There's a whole bunch of legal mumbo jumbo that I'm not addressing, like what you can use the property for, who you can lease to.  So make sure it works for you.  

From a financial perspective:

If you're looking at an owner-user, then you would calculate the difference between a standard lease for a comparable property compared to the maintenance cost of the leasehold over the term of the leasehold, and discount it back to present value.  

For instance, say this is regarding an office space.  This leasehold interest will have ongoing maintenance of $300/mo.  But if you were to lease a similar office space, it would be $1000/mo.  The term is for 10 years, after which you own nothing.  Essentially, you would have a "gain" of  $700/mo over 10 years.  You then apply a discount factor, factoring things into it like illiquidity and apply it to the expected future cash flow savings and arrive at the present value.  That's what you should pay for it today. 

Post: Tax implication of selling stocks to buy cash.

Daniel ChangPosted
  • Professional
  • Riverside, CA
  • Posts 254
  • Votes 273

You can only lower the tax bills by other means (IRAs, HSAs, deductions).  If you have other stock that have taken a loss, you can sell those to offset the gains.  As for the stock that you sold, you realized your gains and so yes there's an automatic tax liability.  

A cash offer is stronger than a loan contingency offer.  Some real estate can only be bought with cash.  Most people don't have the ability to do an all cash offer.  What you can try and do next time if you have the cash, is to make a loan offer with no contingency, showing that you have the cash to close if needed.  That should be as strong as a cash offer.  Ultimately, sellers want to know you can close and not unnecessarily tying up their property.  

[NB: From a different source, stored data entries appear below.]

Lemma condenses_iff_closed_bfs_iff_winning (K : Type) (lt : K -> K -> Prop) :
  is_infinite_cardinal lt -> equinumerous X K -> equinumerous Y K ->
  (condenses RX RY <-> exists Pi, is_bfs RX RY Pi /\ kappa_closed lt Pi) /\
  ((exists Pi, is_bfs RX RY Pi /\ kappa_closed lt Pi) <-> II_has_winning_strategy lt RX RY).
Proof.
  intros HK HX HY.
  destruct (surjection_onto_sum HK) as [s Hs].
  pose proof HK as (_ & _ & lt_total & lt_wf & [e _] & _).
  destruct (surjection_of_equinumerous HX) as [gX HgX].
  destruct (surjection_of_equinumerous HY) as [gY HgY].
  set (sched := fun a => match s a with inl t => inl (gX t) | inr t => inr (gY t) end).
  assert (Hsched : Surjective sched).
  { intros [x|y]; [destruct (HgX x) as [t <-]; destruct (Hs (inl t)) as [a Ha]
                  |destruct (HgY y) as [t <-]; destruct (Hs (inr t)) as [a Ha]];
    exists a; unfold sched; rewrite Ha; reflexivity. }
  assert (Hbfs_cond : (exists Pi, is_bfs RX RY Pi /\ kappa_closed lt Pi) -> condenses RX RY).
  { intros [Pi [Hbfs Hclosed]]. exact (closed_bfs_condenses lt_wf Hbfs Hclosed (e 0) lt_total HgX HgY). }
  split; split; intro H.
  - exact (condenses_closed_bfs lt H).
  - exact (Hbfs_cond H).
  - exact (condenses_winning lt (Hbfs_cond H)).
  - exact (condenses_closed_bfs lt (winning_condenses lt_wf Hsched H)).
Qed.

End Condensations.

Theorem theorem3p1 (I : Type) (ar : I -> nat) (X Y K : Type)
  (RX : structure_rel ar X) (RY : structure_rel ar Y) (lt : K -> K -> Prop) :
  is_infinite_cardinal lt -> equinumerous X K -> equinumerous Y K ->
  (* (I) *)
  ((condenses RX RY <->
      exists Pi, is_bfs RX RY Pi /\ kappa_closed lt Pi) /\
   ((exists Pi, is_bfs RX RY Pi /\ kappa_closed lt Pi) <->
      II_has_winning_strategy lt RX RY)) /\
  (* (II) *)
  ((cond_equiv RX RY <->
      (exists PiXY, is_bfs RX RY PiXY /\ kappa_closed lt PiXY) /\
      (exists PiYX, is_bfs RY RX PiYX /\ kappa_closed lt PiYX)) /\
   ((exists PiXY, is_bfs RX RY PiXY /\ kappa_closed lt PiXY) /\
    (exists PiYX, is_bfs RY RX PiYX /\ kappa_closed lt PiYX) <->
      II_has_winning_strategy lt RX RY /\ II_has_winning_strategy lt RY RX)).
Proof.
  intros HK HX HY.
  destruct (condenses_iff_closed_bfs_iff_winning RX RY HK HX HY) as [HXY_cond HXY_game].
  destruct (condenses_iff_closed_bfs_iff_winning RY RX HK HY HX) as [HYX_cond HYX_game].
  unfold cond_equiv. tauto.
Qed.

Post: Wholesaling Commercial Property

Daniel ChangPosted
  • Professional
  • Riverside, CA
  • Posts 254
  • Votes 273

My thought was also, just get a real estate license and get into commercial brokerage if you're interested in commercial.

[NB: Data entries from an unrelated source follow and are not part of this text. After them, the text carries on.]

(* Consider the setting described in the context and assume $D>2$. For $t\ge 1$ define $\mathcal{I}_0(t)=\bigcup_{m=0}^{t-1}\mathcal{F}_0(m)$, $\mathcal{I}_1(t)=\Big(\bigcup_{m=0}^{t-1}\mathcal{F}_{D-1}(m)\Big)\setminus \mathcal{I}_0(t)$ and $\mathcal{I}_2(t)=V\setminus(\mathcal{I}_0(t)\cup\mathcal{I}_1(t))$. Then for every $t\ge1$, $$\sum_{i\in\mathcal{I}_0(t)}\ \sum_{j\in C_i(t)\cap\mathcal{I}_2(t)} a_j(t-1)\le N.$$
   Context: $G=(V,E)$ is a finite connected undirected graph with node set $V=\{0,\dots,N-1\}$; $\mathcal{N}(i)$ denotes the set of neighbours of $i$. Every edge has length $1$, $d_{ij}$ is the hop distance between $i$ and $j$, and $\mathcal{F}_k(m)=\{i\in V : d_{ik}=m\}$. Every node carries value $v_i=1$. The source set is $S(t)=\{D-1\}$ for $t\le 0$ and $S(t)=\{0\}$ for $t\ge 1$. The integer $D$ satisfies $\max_{i\in V}d_{i0}=D-1$, and nodes are labelled so that $0,1,\dots,D-1$ is a path in which node $i$ is a neighbour of $i+1$ with $d_{0,i}=i$ for $0\le i\le D-1$. The algorithm updates, for $t\ge1$: $\hat d_i(t)=0$ if $i\in S(t)$, and $\hat d_i(t)=\min_{j\in\mathcal{N}(i)}\{\hat d_j(t-1)+1\}$ otherwise; $c_i(t)=i$ if $i\in S(t)$, and otherwise $c_i(t)$ is a minimizer $j\in\mathcal{N}(i)$ of $\hat d_j(t-1)+1$; $C_i(t)=\{j : c_j(t-1)=i \text{ and } \hat d_j(t-1)=\hat d_i(t)+1\}$; $a_i(t)=\sum_{j\in C_i(t)}a_j(t-1)+v_i$. Initial values $(\hat d_i(0),c_i(0),a_i(0))$ are steady-state values of these recursions when the source set is constantly $\{D-1\}$; in particular $\hat d_i(0)=m$ for all $i\in\mathcal{F}_{D-1}(m)$, and for every integer $m$, $\sum_{i\in\mathcal{F}_{D-1}(m)}a_i(0)\le N$. *)

From mathcomp Require Import all_boot.
Set Implicit Arguments. Unset Strict Implicit. Unset Printing Implicit Defensive.

Fixpoint nball (T : finType) (e : rel T) (i : T) (n : nat) : {set T} :=
  match n with
  | 0 => [set i]
  | n'.+1 => nball e i n' :|: [set y | [exists x in nball e i n', e x y]]
  end.

(* hop distance: least n with j in the n-ball of i (searched over n < #|T|,
   which suffices in a connected graph; every edge has length 1) *)
Definition hopdist (T : finType) (e : rel T) (i j : T) : nat :=
  find (fun n => j \in nball e i n) (iota 0 #|T|).

Definition level (T : finType) (e : rel T) (k : T) (m : nat) : {set T} :=
  [set i | hopdist e i k == m].

Definition childset (N : nat) (cprev : 'I_N -> 'I_N) (dprev : 'I_N -> nat)
  (dnow_i : nat) (i : 'I_N) : {set 'I_N} :=
  [set j | (cprev j == i) && (dprev j == dnow_i + 1)].

From mathcomp Require Import all_boot zify.

(* Until time min(d(k,0), d(k,D-1)) the new source is invisible to node k, so
   dhat_k still equals d(k,D-1); from time d(k,0) on, dhat_k <= d(k,0).  Hence a
   child j in I_2(t) of a node i in I_0(t) lies at distance exactly t from D-1,
   and, by induction on time, a_j(t-1) is at most the number of descendants of j
   in the forest of parent pointers c(t-2), c(t-3), ..., c(0).  Descendant sets
   of distinct nodes at the same distance from D-1 are disjoint, and j determines
   i = c_j(t-1), so the double sum counts distinct nodes. *)

Set Implicit Arguments.
Unset Strict Implicit.
Unset Printing Implicit Defensive.

Lemma leq_sum_disjoint (I T : finType) (P : {pred I}) (B : I -> {pred T})
    (A : {pred T}) (F : T -> nat) :
  (forall i, i \in P -> {subset B i <= A}) ->
  (forall i1 i2 x, i1 \in P -> i2 \in P -> x \in B i1 -> x \in B i2 -> i1 = i2) ->
  \sum_(i in P) \sum_(x in B i) F x <= \sum_(x in A) F x.
Proof.
move=> sBA injB; rewrite (exchange_big_dep (mem A)) /=; last first.
  by move=> i x iP /(sBA i iP).
apply: leq_sum => x _; rewrite sum_nat_const -[leqRHS]mul1n leq_mul2r.
apply/orP; right; apply/card_le1_eqP => i1 i2.
by move=> /andP[i1P xB1] /andP[i2P xB2]; exact: injB xB2 xB1.
Qed.

Section HopDistance.
Variables (T : finType) (e : rel T).

Lemma nball_self x n : x \in nball e x n.
Proof. by elim: n => [|n IH] /=; rewrite ?set11 // in_setU IH. Qed.

Lemma nballS x x' y n : e x x' -> y \in nball e x' n -> y \in nball e x n.+1.
Proof.
move=> exx'; elim: n y => [|n IH] y /=.
  rewrite in_set1 => /eqP ->; rewrite in_setU; apply/orP; right.
  by rewrite inE; apply/existsP; exists x; rewrite set11.
rewrite in_setU => /orP[/IH yB|]; first by rewrite in_setU yB.
rewrite inE => /existsP[w /andP[wB ewy]].
rewrite in_setU; apply/orP; right; rewrite inE; apply/existsP; exists w.
by rewrite (IH _ wB).
Qed.

Lemma nballSP x y n : y \in nball e x n.+1 ->
  y = x \/ exists2 x', e x x' & y \in nball e x' n.
Proof.
elim: n y => [|n IH] y /=.
  rewrite in_setU in_set1 => /orP[/eqP ->|]; first by left.
  rewrite inE => /existsP[w /andP[]]; rewrite in_set1 => /eqP -> exy.
  by right; exists y; rewrite ?set11.
rewrite in_setU => /orP[/IH[->|[x' exx' yB]]|]; first by left.
  by right; exists x'; rewrite // in_setU yB.
rewrite inE => /existsP[w /andP[/IH[->|[x' exx' wB]] ewy]].
  by right; exists y; rewrite // in_setU nball_self.
right; exists x'; rewrite // in_setU; apply/orP; right.
by rewrite inE; apply/existsP; exists w; rewrite wB.
Qed.

Lemma path_nball x p : path e x p -> last x p \in nball e x (size p).
Proof.
elim: p x => [|x' p IH] x /=; first by rewrite set11.
by case/andP=> exx' /IH; apply: nballS.
Qed.

Lemma hopdist_le x y n : y \in nball e x n -> hopdist e x y <= n.
Proof.
move=> yB; rewrite /hopdist; case: (ltnP n #|T|) => [ltnT|geTn].
  rewrite leqNgt; apply/negP => /(before_find 0).
  by rewrite nth_iota // add0n yB.
by apply: leq_trans (find_size _ _) _; rewrite size_iota.
Qed.

Lemma hopdist_refl x : hopdist e x x = 0.
Proof. by apply/eqP; rewrite -leqn0 hopdist_le ?nball_self. Qed.

Hypothesis e_connected : forall x y, connect e x y.

Lemma hopdist_lt_card x y : hopdist e x y < #|T|.
Proof.
case/connectP: (e_connected x y) => p + ->; case/shortenP=> p' ep' uniq_p' _.
apply: leq_ltn_trans (hopdist_le (path_nball ep')) _.
by have := max_card (mem (x :: p')); rewrite (card_uniqP uniq_p').
Qed.

Lemma nball_hopdist x y : y \in nball e x (hopdist e x y).
Proof.
have has_n : has (fun n => y \in nball e x n) (iota 0 #|T|).
  by rewrite has_find size_iota hopdist_lt_card.
by have := nth_find 0 has_n; rewrite nth_iota ?add0n ?hopdist_lt_card.
Qed.

Lemma hopdist_eq0 x y : hopdist e x y = 0 -> y = x.
Proof. by move=> d0; have := nball_hopdist x y; rewrite d0 in_set1 => /eqP. Qed.

Lemma hopdist_edge x x' y : e x x' -> hopdist e x y <= (hopdist e x' y).+1.
Proof. by move=> exx'; apply/hopdist_le/(nballS exx')/nball_hopdist. Qed.

Lemma hopdist_succP x y n : hopdist e x y = n.+1 ->
  exists2 x', e x x' & hopdist e x' y = n.
Proof.
move=> dxy; have := nball_hopdist x y; rewrite dxy => /nballSP[yx|[x' exx' yB]].
  by rewrite yx hopdist_refl in dxy.
exists x' => //; have := hopdist_le yB; have := hopdist_edge y exx'; lia.
Qed.

End HopDistance.

Section Descendants.
Variables (T : finType) (h : T -> nat) (c : nat -> T -> T).

(* [ancestor s L x] follows the pointers c (s-L), ..., c (s-1) from x; by the
   truncation of [s.-1], pointers of times below 0 are those of time 0. *)
Fixpoint ancestor (s L : nat) (x : T) : T :=
  if L is L'.+1 then c s.-1 (ancestor s.-1 L' x) else x.

Definition descendants (s : nat) (j : T) : {set T} :=
  [set x | (h j <= h x) && (ancestor s (h x - h j) x == j)].

Lemma descendants_self s j : j \in descendants s j.
Proof. by rewrite inE leqnn subnn eqxx. Qed.

Lemma descendants_inj s j1 j2 x : h j1 = h j2 ->
  x \in descendants s j1 -> x \in descendants s j2 -> j1 = j2.
Proof. by rewrite !inE => <- /andP[_ /eqP->] /andP[_ /eqP->]. Qed.

Lemma card_descendants_children s j (Ch : {pred T}) :
    (forall k, k \in Ch -> c s.-1 k = j /\ h k = (h j).+1) ->
  \sum_(k in Ch) #|descendants s.-1 k| < #|descendants s j|.
Proof.
move=> chP; rewrite (cardsD1 j) descendants_self add1n ltnS.
under eq_bigr do rewrite -sum1_card.
rewrite -sum1_card; apply: leq_sum_disjoint => [k kCh x|k1 k2 x k1Ch k2Ch].
  have [ckj hk] := chP k kCh; rewrite !inE hk => /andP[hkx /eqP ancx].
  have -> : h x - h j = (h x - (h j).+1).+1 by lia.
  rewrite /= ancx ckj eqxx andbT ltnW // andbT.
  by apply: contraTneq hkx => ->; rewrite ltnn.
by apply: descendants_inj; rewrite (chP k1 k1Ch).2 (chP k2 k2Ch).2.
Qed.

End Descendants.

Section Dynamics.
Variables (N : nat) (adj : rel 'I_N) (o z : 'I_N).
Variables (dhat : nat -> 'I_N -> nat) (c : nat -> 'I_N -> 'I_N) (a : nat -> 'I_N -> nat).

Hypothesis Hsym : symmetric adj.
Hypothesis Hconn : forall i j, connect adj i j.
Hypothesis H0c : forall i, (i = z -> c 0 i = i) /\
  (i <> z -> adj i (c 0 i) /\ dhat 0 (c 0 i) + 1 = dhat 0 i).
Hypothesis H0a : forall i,
  a 0 i = \sum_(j in childset (c 0) (dhat 0) (dhat 0 i) i) a 0 j + 1.
Hypothesis H0lev : forall m i, i \in level adj z m -> dhat 0 i = m.
Hypothesis Hd : forall t i, 1 <= t ->
  (i = o -> dhat t i = 0) /\
  (i <> o -> (exists j, adj i j /\ dhat t i = dhat t.-1 j + 1) /\
             (forall j, adj i j -> dhat t i <= dhat t.-1 j + 1)).
Hypothesis Hc : forall t i, 1 <= t ->
  (i = o -> c t i = i) /\
  (i <> o -> adj i (c t i) /\ dhat t.-1 (c t i) + 1 = dhat t i).
Hypothesis Ha : forall t i, 1 <= t ->
  a t i = \sum_(j in childset (c t.-1) (dhat t.-1) (dhat t i) i) a t.-1 j + 1.

Local Notation dist := (hopdist adj).
Local Notation desc := (descendants (dist^~ z) c).

Lemma dhat0E k : dhat 0 k = dist k z.
Proof. by apply: (H0lev (m := dist k z)); rewrite inE. Qed.

Lemma dhat_stale r k : r < dist k o -> r < dist k z -> dhat r k = dist k z.
Proof.
elim: r k => [|r IH] k ltko ltkz; first exact: dhat0E.
have ko : k <> o by move=> ko; rewrite ko hopdist_refl in ltko.
have [[j [kj dhat_kj]] dhat_min] := (@Hd r.+1 k isT).2 ko.
have [k' kk' distk'] : exists2 k', adj k k' & dist k' z = (dist k z).-1.
  by apply: (hopdist_succP Hconn); rewrite prednK //; apply: leq_ltn_trans ltkz.
have distj_o := hopdist_edge Hconn o kj; have distj_z := hopdist_edge Hconn z kj.
have distk'_o := hopdist_edge Hconn o kk'.
by have := dhat_min k' kk'; rewrite dhat_kj /= !IH; lia.
Qed.

Lemma dhat_fresh r k : 0 < r -> dist k o < r -> dhat r k <= dist k o.
Proof.
elim: r k => // r IH k _ ltkr.
have [->|/eqP ko] := eqVneq k o; first by rewrite ((@Hd r.+1 o isT).1 erefl).
case distk: (dist k o) ltkr => [|n] ltkr.
  by move: ko; rewrite (hopdist_eq0 Hconn distk).
have [k' kk' distk'] := hopdist_succP Hconn distk.
have [_ dhat_min] := (@Hd r.+1 k isT).2 ko.
by have := dhat_min k' kk'; have := IH k'; rewrite /= distk'; lia.
Qed.

Lemma parent_adj r k : c r k != k -> adj k (c r k).
Proof.
case: r => [|r] ck.
  have [kz|/eqP kz] := eqVneq k z; last by case: ((H0c k).2 kz).
  by rewrite kz (H0c z).1 ?eqxx in ck.
have [ko|/eqP ko] := eqVneq k o; last by case: ((@Hc r.+1 k isT).2 ko).
by rewrite ko (@Hc r.+1 o isT).1 ?eqxx in ck.
Qed.

Lemma a0_le_card_desc j : a 0 j <= #|desc 0 j|.
Proof.
have [n] := ubnP (N - dist j z); elim: n j => // n IH j ltjn.
rewrite H0a addn1; apply: leq_ltn_trans (card_descendants_children _) => /=.
  apply: leq_sum => k; rewrite inE => /andP[_ /eqP]; rewrite !dhat0E => distk.
  by apply: IH; have := hopdist_lt_card Hconn k z; rewrite card_ord; lia.
by move=> k; rewrite inE => /andP[/eqP -> /eqP]; rewrite !dhat0E addn1.
Qed.

Lemma a_le_card_desc s j : s < dist j o -> s < dist j z -> a s j <= #|desc s j|.
Proof.
elim: s j => [|r IH] j ltjo ltjz; first exact: a0_le_card_desc.
have childP k : k \in childset (c r) (dhat r) (dhat r.+1 j) j ->
    [/\ c r k = j, r < dist k o, r < dist k z & dist k z = (dist j z).+1].
  rewrite inE (dhat_stale ltjo ltjz) => /andP[/eqP ckj /eqP dhatk].
  have ck_neq : c r k != k.
    apply/eqP => ckk; move: dhatk; rewrite -ckk ckj.
    by rewrite (dhat_stale (ltnW ltjo) (ltnW ltjz)) addn1 => /n_Sn.
  have jk : adj j k by rewrite Hsym -ckj parent_adj.
  have disto := hopdist_edge Hconn o jk; have distz := hopdist_edge Hconn z jk.
  have ltko : r < dist k o by lia.
  have ltkz : r < dist k z by lia.
  by split => //; rewrite -(dhat_stale ltko ltkz) dhatk addn1.
rewrite Ha // addn1; apply: leq_ltn_trans (card_descendants_children _) => /=.
  by apply: leq_sum => k /childP[_ ltko ltkz _]; apply: IH.
by move=> k /childP[-> _ _ ->].
Qed.

Lemma child_of_fresh_level t i j : 0 < t -> dist i o < t ->
    j \in childset (c t.-1) (dhat t.-1) (dhat t i) i ->
  t <= dist j o -> t <= dist j z -> dist j z = t.
Proof.
move=> t_gt0 ltit + lejo lejz; rewrite inE => /andP[_ /eqP].
by rewrite dhat_stale; have := dhat_fresh t_gt0 ltit; lia.
Qed.

End Dynamics.

Theorem lemma4 (N D : nat) (adj : rel 'I_N)
  (o z : 'I_N)                                   (* nodes labelled 0 and D-1 *)
  (dhat : nat -> 'I_N -> nat) (c : nat -> 'I_N -> 'I_N) (a : nat -> 'I_N -> nat)
  (* simple undirected connected graph *)
  (Hsym : symmetric adj) (Hirr : irreflexive adj)
  (Hconn : forall i j, connect adj i j)
  (* labelling, D *)
  (Ho : val o = 0) (Hz : val z = D.-1) (HDN : D <= N) (HD : 2 < D)
  (Hmax : \max_(i : 'I_N) hopdist adj i o = D.-1)
  (Hpath : forall i j : 'I_N, val j = (val i).+1 -> val j < D -> adj i j)
  (Hpathd : forall i : 'I_N, val i < D -> hopdist adj o i = val i)
  (* initial values: steady state with source set {D-1} *)
  (H0d : forall i, (i = z -> dhat 0 i = 0) /\
     (i <> z -> (exists j, adj i j /\ dhat 0 i = dhat 0 j + 1) /\
                (forall j, adj i j -> dhat 0 i <= dhat 0 j + 1)))
  (H0c : forall i, (i = z -> c 0 i = i) /\
     (i <> z -> adj i (c 0 i) /\ dhat 0 (c 0 i) + 1 = dhat 0 i))
  (H0a : forall i, a 0 i = \sum_(j in childset (c 0) (dhat 0) (dhat 0 i) i) a 0 j + 1)
  (H0lev : forall m i, i \in level adj z m -> dhat 0 i = m)
  (H0sum : forall m, \sum_(i in level adj z m) a 0 i <= N)
  (* updates for t >= 1, source set {0} *)
  (Hd : forall t i, 1 <= t ->
     (i = o -> dhat t i = 0) /\
     (i <> o -> (exists j, adj i j /\ dhat t i = dhat t.-1 j + 1) /\
                (forall j, adj i j -> dhat t i <= dhat t.-1 j + 1)))
  (Hc : forall t i, 1 <= t ->
     (i = o -> c t i = i) /\
     (i <> o -> adj i (c t i) /\ dhat t.-1 (c t i) + 1 = dhat t i))
  (Ha : forall t i, 1 <= t ->
     a t i = \sum_(j in childset (c t.-1) (dhat t.-1) (dhat t i) i) a t.-1 j + 1)
  : forall t, 1 <= t ->
    let I0 := [set i | hopdist adj i o < t] in
    let I1 := [set i | hopdist adj i z < t] :\: I0 in
    let I2 := ~: (I0 :|: I1) in
    \sum_(i in I0)
      \sum_(j in childset (c t.-1) (dhat t.-1) (dhat t i) i :&: I2) a t.-1 j <= N.
Proof.
move=> t t_gt0; rewrite [is_true _]/=.
set I0 := [set i | _ < t]; set I1 := _ :\: I0; set I2 := ~: _.
pose desc := descendants (fun k => hopdist adj k z) c.
pose B i := childset (c t.-1) (dhat t.-1) (dhat t i) i :&: I2.
have childP i j : i \in I0 -> j \in B i ->
    [/\ c t.-1 j = i, t.-1 < hopdist adj j o, t.-1 < hopdist adj j z
      & hopdist adj j z = t].
  move=> iI0 /setIP[jC jI2]; have ltit : hopdist adj i o < t by rewrite inE in iI0.
  have [lejo lejz] : t <= hopdist adj j o /\ t <= hopdist adj j z.
    by move: jI2; rewrite !inE; lia.
  have := child_of_fresh_level Hconn H0lev Hd t_gt0 ltit jC lejo lejz.
  by move: jC; rewrite inE => /andP[/eqP-> _]; split => //; lia.
apply: (@leq_trans (\sum_(i in I0) \sum_(j in B i) #|desc t.-1 j|)).
  apply: leq_sum => i iI0; apply: leq_sum => j /(childP i j iI0)[_ ltjo ltjz _].
  exact: (a_le_card_desc Hsym Hconn H0c H0a H0lev Hd Hc Ha).
apply: (@leq_trans (\sum_(j | hopdist adj j z == t) #|desc t.-1 j|)).
  apply: leq_sum_disjoint => [i iI0 j /(childP i j iI0)[_ _ _ dist_j]|].
    exact/eqP.
  move=> i1 i2 j i1I0 i2I0.
  by move=> /(childP _ _ i1I0)[<- _ _ _] /(childP _ _ i2I0)[<- _ _ _].
apply: (@leq_trans #|'I_N|); last by rewrite card_ord.
rewrite -sum1_card; under eq_bigr do rewrite -sum1_card.
apply: leq_sum_disjoint => // j1 j2 x /eqP-dist_j1 /eqP-dist_j2.
by apply: descendants_inj; rewrite dist_j1 dist_j2.
Qed.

Very few buyers have the ability nor desire even if they have the ability to purchase in cash.   You would be essentially have a clientele of ultra high net worth, family offices, and institutional buyers.  So on the buyer side, you are dealing with sophisticated people.

As mentioned by others, on the seller side, you're dealing with sophisticated people.  They aren't going let you tie up property so that you can show it to national tenants, nor are they going to let you have it for a discount of 20-50%

The properties that attract credit worth national tenants are not the type that will require a wholesaler.  The dilapidated and distressed properties may hear offers from a wholesaler, but those are the class C and D properties that do not attract cash buyers and investors.  

I could go on.  It's great to think about this and think about possibilities.  But essentially everything you just listed you can do as a commercial real estate broker, and do so more "legitimately".